## ACTION ITEM
Reproduce, with no edits, the line that contains "From Coquelicot Require Import Coquelicot." and all the lines that follow it, ending with the last line of the records.

Stored data entries
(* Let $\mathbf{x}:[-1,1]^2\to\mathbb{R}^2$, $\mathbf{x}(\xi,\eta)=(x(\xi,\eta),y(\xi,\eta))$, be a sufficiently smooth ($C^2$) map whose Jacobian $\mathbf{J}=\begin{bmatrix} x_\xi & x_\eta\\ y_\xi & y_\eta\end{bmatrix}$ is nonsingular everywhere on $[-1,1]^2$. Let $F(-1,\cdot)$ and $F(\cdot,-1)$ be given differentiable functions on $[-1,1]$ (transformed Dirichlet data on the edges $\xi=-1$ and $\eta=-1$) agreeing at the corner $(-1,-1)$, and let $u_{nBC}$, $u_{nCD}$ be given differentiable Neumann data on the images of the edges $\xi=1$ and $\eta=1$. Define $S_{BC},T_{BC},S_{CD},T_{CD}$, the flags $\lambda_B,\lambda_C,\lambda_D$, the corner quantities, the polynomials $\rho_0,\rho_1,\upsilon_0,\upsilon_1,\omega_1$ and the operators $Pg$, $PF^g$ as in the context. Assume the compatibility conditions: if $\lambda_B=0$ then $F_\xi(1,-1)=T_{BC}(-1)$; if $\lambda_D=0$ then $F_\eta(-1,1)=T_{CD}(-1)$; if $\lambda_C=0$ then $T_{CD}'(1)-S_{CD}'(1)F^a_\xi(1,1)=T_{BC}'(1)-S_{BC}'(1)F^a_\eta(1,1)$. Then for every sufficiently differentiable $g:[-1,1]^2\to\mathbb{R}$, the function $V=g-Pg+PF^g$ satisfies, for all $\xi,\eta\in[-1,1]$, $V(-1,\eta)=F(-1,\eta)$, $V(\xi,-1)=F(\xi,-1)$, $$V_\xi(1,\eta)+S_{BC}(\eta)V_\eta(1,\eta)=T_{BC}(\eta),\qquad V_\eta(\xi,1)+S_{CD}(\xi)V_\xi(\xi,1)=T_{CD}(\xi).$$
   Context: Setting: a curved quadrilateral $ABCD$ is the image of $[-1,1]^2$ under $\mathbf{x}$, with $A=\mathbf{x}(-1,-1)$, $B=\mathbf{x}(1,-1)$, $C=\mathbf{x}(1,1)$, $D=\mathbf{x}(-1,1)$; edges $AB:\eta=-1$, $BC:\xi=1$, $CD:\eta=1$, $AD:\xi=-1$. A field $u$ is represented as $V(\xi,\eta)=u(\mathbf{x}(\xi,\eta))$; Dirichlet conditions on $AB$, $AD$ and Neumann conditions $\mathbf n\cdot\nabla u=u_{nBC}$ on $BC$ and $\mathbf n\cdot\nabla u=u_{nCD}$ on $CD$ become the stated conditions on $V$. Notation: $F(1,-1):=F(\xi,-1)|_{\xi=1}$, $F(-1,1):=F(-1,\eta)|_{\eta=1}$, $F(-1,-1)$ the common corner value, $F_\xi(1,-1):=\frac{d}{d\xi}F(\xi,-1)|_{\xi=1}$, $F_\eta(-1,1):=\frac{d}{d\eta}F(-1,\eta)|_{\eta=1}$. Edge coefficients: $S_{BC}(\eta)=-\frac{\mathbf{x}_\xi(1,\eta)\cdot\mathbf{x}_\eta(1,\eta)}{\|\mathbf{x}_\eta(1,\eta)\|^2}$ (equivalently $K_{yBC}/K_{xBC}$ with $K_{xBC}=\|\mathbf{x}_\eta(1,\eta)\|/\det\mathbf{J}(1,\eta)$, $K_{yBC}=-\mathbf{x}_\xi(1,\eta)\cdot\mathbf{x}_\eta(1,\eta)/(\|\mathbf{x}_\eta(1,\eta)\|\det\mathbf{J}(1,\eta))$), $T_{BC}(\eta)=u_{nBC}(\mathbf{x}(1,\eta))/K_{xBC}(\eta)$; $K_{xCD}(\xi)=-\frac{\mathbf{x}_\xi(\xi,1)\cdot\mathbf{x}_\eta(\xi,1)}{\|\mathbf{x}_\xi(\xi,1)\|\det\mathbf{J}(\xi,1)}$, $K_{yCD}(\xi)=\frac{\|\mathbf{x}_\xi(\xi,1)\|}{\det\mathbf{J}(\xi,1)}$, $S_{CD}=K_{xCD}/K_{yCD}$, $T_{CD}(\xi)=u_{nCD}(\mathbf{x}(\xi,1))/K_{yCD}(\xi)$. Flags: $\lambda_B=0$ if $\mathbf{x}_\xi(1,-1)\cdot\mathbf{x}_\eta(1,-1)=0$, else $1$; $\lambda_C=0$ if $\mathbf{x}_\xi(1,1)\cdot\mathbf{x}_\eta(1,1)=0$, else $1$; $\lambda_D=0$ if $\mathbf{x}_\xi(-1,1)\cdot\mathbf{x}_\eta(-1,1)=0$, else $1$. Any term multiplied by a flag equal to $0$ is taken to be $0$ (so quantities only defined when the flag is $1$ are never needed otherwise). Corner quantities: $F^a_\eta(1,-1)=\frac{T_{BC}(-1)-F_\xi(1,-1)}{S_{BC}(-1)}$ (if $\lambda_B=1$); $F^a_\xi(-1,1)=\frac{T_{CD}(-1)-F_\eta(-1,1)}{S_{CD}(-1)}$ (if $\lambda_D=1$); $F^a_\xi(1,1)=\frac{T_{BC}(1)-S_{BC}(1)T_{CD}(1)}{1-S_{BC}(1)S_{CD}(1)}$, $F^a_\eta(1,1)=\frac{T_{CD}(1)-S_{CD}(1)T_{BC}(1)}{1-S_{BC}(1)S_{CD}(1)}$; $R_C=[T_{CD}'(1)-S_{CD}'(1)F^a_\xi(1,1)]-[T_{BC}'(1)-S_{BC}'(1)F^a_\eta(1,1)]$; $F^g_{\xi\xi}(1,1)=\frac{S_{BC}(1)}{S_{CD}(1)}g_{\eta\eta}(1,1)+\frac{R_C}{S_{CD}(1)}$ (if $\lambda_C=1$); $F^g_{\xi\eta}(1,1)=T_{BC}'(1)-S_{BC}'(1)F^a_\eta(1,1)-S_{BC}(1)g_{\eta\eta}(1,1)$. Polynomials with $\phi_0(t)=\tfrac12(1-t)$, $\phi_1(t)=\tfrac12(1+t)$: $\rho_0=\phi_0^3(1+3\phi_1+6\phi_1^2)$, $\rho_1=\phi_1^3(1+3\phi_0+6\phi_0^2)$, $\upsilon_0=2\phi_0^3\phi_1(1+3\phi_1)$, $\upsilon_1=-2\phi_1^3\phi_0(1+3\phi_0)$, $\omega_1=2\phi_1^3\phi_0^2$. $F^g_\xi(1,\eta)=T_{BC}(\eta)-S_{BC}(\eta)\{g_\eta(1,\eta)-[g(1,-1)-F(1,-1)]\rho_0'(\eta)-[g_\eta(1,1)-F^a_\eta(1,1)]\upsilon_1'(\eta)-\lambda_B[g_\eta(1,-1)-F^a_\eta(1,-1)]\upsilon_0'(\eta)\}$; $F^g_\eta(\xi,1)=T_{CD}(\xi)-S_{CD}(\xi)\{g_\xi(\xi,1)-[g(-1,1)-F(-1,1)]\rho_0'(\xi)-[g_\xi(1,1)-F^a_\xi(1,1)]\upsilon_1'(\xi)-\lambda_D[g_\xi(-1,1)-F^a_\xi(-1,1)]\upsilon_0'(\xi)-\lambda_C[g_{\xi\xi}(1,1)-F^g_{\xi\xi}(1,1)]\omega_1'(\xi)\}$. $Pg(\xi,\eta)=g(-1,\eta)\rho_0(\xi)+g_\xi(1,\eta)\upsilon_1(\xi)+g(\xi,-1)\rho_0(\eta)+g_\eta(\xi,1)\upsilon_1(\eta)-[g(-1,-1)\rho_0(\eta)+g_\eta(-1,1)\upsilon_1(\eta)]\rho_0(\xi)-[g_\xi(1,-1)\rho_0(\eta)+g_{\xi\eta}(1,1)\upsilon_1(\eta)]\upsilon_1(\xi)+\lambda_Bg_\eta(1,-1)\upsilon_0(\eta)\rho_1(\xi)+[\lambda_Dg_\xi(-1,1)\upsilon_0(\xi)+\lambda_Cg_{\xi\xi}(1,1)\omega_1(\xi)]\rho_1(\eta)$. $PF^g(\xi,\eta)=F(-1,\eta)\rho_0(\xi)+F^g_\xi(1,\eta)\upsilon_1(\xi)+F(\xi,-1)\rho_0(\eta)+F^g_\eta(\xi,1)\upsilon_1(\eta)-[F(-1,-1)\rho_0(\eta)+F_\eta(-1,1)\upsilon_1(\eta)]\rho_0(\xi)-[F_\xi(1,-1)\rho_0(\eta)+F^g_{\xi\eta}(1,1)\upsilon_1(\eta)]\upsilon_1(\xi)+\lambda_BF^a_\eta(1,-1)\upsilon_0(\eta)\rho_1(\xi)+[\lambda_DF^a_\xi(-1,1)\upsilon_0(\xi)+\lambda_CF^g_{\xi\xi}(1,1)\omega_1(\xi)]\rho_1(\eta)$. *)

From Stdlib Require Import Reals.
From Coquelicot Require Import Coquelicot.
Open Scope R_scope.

## SOLUTION
From Coquelicot Require Import Coquelicot.
Open Scope R_scope.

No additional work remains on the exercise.